- _Goal of the exercise_: Lines that contain "last" are to be copied from the material, every one of them.

- _Record excerpts_:

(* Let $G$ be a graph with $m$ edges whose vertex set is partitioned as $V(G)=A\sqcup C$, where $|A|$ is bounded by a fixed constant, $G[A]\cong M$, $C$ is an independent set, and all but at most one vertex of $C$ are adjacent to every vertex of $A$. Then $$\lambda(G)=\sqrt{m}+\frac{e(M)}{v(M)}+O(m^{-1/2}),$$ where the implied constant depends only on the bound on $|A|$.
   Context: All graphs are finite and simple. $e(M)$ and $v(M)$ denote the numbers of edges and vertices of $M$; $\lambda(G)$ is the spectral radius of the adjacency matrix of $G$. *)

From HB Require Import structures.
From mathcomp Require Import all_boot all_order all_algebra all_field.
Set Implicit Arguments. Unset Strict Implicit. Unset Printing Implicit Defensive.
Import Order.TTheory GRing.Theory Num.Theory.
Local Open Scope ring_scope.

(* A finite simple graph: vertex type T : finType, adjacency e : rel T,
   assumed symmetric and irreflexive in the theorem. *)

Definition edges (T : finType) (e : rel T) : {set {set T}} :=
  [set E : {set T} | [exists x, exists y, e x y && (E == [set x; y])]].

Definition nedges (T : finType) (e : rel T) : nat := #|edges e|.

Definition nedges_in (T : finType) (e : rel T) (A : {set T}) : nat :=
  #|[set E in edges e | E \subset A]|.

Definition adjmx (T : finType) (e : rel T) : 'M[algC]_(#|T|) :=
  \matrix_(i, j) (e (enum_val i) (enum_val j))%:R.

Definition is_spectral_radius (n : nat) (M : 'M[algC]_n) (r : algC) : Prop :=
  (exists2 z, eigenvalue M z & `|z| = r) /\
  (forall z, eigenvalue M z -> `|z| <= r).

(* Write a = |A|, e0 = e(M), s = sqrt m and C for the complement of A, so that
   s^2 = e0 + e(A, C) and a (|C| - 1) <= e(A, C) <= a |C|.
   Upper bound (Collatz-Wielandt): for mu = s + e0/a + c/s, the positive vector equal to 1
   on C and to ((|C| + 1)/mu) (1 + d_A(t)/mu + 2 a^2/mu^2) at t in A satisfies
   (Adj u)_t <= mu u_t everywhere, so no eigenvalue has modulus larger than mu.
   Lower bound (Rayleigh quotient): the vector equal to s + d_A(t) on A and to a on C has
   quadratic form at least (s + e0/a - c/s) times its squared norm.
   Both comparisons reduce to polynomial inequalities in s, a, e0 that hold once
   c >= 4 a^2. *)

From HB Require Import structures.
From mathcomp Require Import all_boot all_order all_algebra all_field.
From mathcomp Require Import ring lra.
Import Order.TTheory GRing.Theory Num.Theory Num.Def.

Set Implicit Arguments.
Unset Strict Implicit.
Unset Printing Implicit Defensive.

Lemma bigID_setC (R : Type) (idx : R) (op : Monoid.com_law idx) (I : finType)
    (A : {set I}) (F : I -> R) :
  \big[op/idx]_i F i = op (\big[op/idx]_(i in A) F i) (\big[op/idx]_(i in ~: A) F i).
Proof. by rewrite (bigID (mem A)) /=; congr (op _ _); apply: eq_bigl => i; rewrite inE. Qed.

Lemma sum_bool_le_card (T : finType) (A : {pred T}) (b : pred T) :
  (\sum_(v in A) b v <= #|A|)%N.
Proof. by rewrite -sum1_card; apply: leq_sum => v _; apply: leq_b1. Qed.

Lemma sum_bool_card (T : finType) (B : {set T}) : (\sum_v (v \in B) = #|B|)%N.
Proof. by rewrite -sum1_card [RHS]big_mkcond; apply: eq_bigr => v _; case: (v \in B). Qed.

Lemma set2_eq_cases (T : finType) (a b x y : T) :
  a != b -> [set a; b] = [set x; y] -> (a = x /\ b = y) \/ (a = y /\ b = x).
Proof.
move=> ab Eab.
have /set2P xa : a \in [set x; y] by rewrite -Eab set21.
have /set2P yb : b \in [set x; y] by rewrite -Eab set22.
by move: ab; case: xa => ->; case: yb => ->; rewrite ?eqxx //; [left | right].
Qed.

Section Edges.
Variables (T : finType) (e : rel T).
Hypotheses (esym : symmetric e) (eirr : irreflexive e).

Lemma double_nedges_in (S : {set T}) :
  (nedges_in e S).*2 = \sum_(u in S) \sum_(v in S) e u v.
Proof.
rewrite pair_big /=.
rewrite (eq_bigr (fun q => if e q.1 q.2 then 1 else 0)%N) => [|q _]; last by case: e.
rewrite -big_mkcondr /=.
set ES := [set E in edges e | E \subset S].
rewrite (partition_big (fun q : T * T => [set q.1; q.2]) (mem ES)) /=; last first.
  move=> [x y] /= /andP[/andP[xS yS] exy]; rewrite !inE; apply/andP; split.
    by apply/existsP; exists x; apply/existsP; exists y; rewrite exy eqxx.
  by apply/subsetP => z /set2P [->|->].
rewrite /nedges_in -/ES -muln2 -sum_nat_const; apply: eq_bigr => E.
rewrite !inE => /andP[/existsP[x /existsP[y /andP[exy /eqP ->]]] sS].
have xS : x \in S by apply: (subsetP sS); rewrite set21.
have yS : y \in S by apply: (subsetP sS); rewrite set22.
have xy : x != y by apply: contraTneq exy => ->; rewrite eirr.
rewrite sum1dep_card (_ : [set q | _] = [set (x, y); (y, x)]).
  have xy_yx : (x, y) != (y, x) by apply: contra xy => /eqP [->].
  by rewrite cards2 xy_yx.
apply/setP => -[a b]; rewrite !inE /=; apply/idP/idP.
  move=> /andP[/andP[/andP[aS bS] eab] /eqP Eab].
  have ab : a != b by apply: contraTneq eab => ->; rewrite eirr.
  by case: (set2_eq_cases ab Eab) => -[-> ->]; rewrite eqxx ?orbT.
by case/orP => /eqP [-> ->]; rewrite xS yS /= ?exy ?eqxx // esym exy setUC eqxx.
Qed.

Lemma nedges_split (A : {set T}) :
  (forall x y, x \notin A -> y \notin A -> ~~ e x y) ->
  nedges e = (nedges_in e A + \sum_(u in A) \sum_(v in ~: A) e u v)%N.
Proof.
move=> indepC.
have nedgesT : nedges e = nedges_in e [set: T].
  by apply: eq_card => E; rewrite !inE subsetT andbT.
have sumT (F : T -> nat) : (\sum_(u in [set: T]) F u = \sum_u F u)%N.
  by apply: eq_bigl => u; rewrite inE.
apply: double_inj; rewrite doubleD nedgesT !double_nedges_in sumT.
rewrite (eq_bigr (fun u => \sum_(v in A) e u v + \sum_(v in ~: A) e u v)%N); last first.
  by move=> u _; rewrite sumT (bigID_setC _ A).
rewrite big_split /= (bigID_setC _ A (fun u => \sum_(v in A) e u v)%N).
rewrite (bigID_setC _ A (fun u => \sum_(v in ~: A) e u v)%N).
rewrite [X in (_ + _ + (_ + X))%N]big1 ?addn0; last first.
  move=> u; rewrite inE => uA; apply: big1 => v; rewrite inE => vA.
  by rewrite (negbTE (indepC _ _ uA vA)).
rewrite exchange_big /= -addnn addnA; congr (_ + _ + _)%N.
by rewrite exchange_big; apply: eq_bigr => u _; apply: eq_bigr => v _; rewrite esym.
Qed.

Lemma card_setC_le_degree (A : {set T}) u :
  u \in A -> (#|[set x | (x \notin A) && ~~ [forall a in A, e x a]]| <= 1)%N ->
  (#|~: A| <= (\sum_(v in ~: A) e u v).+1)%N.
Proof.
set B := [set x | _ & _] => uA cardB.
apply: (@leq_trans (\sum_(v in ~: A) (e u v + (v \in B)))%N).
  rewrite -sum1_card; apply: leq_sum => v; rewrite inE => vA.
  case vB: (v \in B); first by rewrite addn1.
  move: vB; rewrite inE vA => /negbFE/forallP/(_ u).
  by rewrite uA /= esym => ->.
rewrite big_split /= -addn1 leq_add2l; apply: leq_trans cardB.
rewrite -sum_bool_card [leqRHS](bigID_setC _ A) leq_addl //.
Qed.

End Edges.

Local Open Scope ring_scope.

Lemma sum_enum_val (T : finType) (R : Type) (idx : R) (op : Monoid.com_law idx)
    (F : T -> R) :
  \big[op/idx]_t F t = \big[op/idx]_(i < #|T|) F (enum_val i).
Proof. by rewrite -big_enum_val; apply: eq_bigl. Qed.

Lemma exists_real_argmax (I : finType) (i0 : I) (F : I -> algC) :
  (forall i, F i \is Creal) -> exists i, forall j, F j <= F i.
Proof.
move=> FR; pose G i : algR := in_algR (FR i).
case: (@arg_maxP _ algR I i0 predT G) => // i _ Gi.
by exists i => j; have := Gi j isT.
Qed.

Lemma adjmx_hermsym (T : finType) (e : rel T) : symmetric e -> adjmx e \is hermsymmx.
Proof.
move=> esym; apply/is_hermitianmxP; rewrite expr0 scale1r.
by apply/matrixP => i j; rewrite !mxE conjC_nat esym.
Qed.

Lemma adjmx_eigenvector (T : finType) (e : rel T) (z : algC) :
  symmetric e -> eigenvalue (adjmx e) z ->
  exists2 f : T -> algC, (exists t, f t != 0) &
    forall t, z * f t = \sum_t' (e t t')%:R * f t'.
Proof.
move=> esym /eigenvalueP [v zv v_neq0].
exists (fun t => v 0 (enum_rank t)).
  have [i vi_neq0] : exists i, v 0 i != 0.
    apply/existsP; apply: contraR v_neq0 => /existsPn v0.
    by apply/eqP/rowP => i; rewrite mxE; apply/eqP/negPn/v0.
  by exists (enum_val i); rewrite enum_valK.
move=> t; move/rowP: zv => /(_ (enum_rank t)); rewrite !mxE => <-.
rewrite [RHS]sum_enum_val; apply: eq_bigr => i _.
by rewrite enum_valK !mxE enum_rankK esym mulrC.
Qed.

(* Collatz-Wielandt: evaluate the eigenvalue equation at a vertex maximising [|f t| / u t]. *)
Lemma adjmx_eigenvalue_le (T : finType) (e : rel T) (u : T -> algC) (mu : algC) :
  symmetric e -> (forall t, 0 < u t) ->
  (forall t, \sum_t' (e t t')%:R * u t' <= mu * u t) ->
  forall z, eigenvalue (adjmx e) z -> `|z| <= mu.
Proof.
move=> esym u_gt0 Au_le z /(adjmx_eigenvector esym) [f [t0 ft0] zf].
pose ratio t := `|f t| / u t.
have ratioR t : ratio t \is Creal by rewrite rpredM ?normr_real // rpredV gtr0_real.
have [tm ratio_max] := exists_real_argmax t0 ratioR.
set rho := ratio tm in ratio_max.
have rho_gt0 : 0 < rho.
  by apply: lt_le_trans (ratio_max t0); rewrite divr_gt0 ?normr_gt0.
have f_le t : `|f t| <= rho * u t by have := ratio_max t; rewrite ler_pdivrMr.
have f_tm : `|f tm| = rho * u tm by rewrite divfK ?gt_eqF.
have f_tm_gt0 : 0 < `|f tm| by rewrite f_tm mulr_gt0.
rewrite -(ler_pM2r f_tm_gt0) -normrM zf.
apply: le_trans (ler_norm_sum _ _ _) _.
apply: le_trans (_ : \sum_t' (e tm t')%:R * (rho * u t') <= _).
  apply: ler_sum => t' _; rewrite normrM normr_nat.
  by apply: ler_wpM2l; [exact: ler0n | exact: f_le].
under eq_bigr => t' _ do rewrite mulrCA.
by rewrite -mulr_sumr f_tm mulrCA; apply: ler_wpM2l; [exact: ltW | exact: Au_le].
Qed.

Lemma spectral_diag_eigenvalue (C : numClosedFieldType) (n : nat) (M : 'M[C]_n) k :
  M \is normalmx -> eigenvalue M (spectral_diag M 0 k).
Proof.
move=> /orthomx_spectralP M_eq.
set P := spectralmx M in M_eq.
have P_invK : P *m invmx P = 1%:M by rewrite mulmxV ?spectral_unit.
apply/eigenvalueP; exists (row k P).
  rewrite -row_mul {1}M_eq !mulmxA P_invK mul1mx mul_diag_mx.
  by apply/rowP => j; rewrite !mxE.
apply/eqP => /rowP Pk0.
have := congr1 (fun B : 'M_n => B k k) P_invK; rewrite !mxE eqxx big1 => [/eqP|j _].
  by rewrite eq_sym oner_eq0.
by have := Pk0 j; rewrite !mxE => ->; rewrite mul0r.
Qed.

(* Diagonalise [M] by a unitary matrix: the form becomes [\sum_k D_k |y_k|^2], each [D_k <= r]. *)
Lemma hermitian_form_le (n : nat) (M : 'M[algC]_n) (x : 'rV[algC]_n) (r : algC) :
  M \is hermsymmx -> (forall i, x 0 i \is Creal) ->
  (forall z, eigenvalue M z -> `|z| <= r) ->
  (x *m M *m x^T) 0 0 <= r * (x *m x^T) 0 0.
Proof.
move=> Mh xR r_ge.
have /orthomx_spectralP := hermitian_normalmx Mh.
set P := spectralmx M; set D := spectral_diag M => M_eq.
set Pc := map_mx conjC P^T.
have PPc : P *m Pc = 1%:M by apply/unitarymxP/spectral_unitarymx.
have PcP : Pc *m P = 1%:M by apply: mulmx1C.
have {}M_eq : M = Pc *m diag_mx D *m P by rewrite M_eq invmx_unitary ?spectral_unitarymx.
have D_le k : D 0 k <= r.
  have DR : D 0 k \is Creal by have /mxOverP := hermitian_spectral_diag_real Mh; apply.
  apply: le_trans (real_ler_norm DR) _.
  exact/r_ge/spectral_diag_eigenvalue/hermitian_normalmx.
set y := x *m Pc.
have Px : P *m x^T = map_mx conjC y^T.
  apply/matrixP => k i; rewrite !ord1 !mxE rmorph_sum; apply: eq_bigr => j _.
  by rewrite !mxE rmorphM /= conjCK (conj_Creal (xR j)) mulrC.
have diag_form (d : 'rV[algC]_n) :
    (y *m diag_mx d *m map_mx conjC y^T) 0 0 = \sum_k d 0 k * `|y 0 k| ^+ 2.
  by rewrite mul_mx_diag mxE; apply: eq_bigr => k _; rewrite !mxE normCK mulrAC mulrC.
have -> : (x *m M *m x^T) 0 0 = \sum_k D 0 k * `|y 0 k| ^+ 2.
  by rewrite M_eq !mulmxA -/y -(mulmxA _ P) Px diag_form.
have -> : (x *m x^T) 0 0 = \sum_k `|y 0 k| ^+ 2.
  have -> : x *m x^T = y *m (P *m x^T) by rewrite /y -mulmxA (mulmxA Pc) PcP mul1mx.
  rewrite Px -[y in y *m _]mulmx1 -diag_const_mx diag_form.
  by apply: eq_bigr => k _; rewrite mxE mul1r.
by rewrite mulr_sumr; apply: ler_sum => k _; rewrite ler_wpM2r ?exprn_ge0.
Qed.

- _Output of the exercise_:
rewrite (eq_bigr (fun q => if e q.1 q.2 then 1 else 0)%N) => [|q _]; last by case: e.
rewrite (partition_big (fun q : T * T => [set q.1; q.2]) (mem ES)) /=; last first.
rewrite (eq_bigr (fun u => \sum_(v in A) e u v + \sum_(v in ~: A) e u v)%N); last first.
rewrite [X in (_ + _ + (_ + X))%N]big1 ?addn0; last first.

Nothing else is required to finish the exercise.